Problem -> Locate the string "unfold" in the records below. Copy every line where it occurs.

The data ->
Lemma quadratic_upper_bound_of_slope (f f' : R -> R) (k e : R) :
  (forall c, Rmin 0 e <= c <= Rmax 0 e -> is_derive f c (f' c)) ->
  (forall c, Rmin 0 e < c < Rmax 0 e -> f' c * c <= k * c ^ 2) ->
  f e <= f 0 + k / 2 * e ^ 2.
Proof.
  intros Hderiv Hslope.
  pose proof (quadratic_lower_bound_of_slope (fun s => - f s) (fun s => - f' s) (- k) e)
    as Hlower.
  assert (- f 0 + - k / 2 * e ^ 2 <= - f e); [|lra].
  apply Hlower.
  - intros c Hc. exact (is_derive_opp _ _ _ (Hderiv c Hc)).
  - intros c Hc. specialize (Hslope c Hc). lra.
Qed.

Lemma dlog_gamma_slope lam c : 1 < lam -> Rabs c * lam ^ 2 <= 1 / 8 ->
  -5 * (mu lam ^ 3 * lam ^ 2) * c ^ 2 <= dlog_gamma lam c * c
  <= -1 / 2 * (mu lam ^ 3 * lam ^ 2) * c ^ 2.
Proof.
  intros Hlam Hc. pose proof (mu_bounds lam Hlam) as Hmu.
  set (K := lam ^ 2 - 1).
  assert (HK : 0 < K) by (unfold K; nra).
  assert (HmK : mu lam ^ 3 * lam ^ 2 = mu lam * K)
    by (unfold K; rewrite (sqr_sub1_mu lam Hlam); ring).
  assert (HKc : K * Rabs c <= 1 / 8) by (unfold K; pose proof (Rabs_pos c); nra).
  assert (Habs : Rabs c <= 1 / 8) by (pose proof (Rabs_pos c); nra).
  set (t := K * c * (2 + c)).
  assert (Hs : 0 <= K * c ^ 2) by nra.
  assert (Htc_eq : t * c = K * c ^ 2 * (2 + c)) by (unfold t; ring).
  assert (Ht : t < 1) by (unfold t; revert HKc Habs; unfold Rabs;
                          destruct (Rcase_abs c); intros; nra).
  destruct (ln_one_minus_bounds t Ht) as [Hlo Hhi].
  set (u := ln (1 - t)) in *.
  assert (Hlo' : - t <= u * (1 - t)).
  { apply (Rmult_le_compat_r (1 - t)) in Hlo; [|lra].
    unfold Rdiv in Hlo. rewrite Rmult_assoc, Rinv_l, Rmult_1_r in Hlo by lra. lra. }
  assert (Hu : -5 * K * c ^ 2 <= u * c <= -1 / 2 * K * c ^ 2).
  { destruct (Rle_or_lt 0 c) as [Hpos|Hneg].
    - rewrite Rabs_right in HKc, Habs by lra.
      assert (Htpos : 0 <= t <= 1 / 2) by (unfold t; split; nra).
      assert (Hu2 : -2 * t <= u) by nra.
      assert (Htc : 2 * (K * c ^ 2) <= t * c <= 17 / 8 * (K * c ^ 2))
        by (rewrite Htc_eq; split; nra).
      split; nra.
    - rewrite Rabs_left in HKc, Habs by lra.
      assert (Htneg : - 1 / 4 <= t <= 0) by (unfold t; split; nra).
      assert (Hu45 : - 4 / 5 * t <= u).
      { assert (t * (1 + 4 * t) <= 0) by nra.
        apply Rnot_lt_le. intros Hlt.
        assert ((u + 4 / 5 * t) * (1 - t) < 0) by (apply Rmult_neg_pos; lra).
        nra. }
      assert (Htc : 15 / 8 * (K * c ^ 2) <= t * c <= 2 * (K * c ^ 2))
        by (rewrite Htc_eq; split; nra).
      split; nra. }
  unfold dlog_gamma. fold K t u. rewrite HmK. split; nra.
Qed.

Reply to the task ->
  assert (HK : 0 < K) by (unfold K; nra).
    by (unfold K; rewrite (sqr_sub1_mu lam Hlam); ring).
  assert (HKc : K * Rabs c <= 1 / 8) by (unfold K; pose proof (Rabs_pos c); nra).
  assert (Htc_eq : t * c = K * c ^ 2 * (2 + c)) by (unfold t; ring).
  assert (Ht : t < 1) by (unfold t; revert HKc Habs; unfold Rabs;
    unfold Rdiv in Hlo. rewrite Rmult_assoc, Rinv_l, Rmult_1_r in Hlo by lra. lra. }
      assert (Htpos : 0 <= t <= 1 / 2) by (unfold t; split; nra).
      assert (Htneg : - 1 / 4 <= t <= 0) by (unfold t; split; nra).
  unfold dlog_gamma. fold K t u. rewrite HmK. split; nra.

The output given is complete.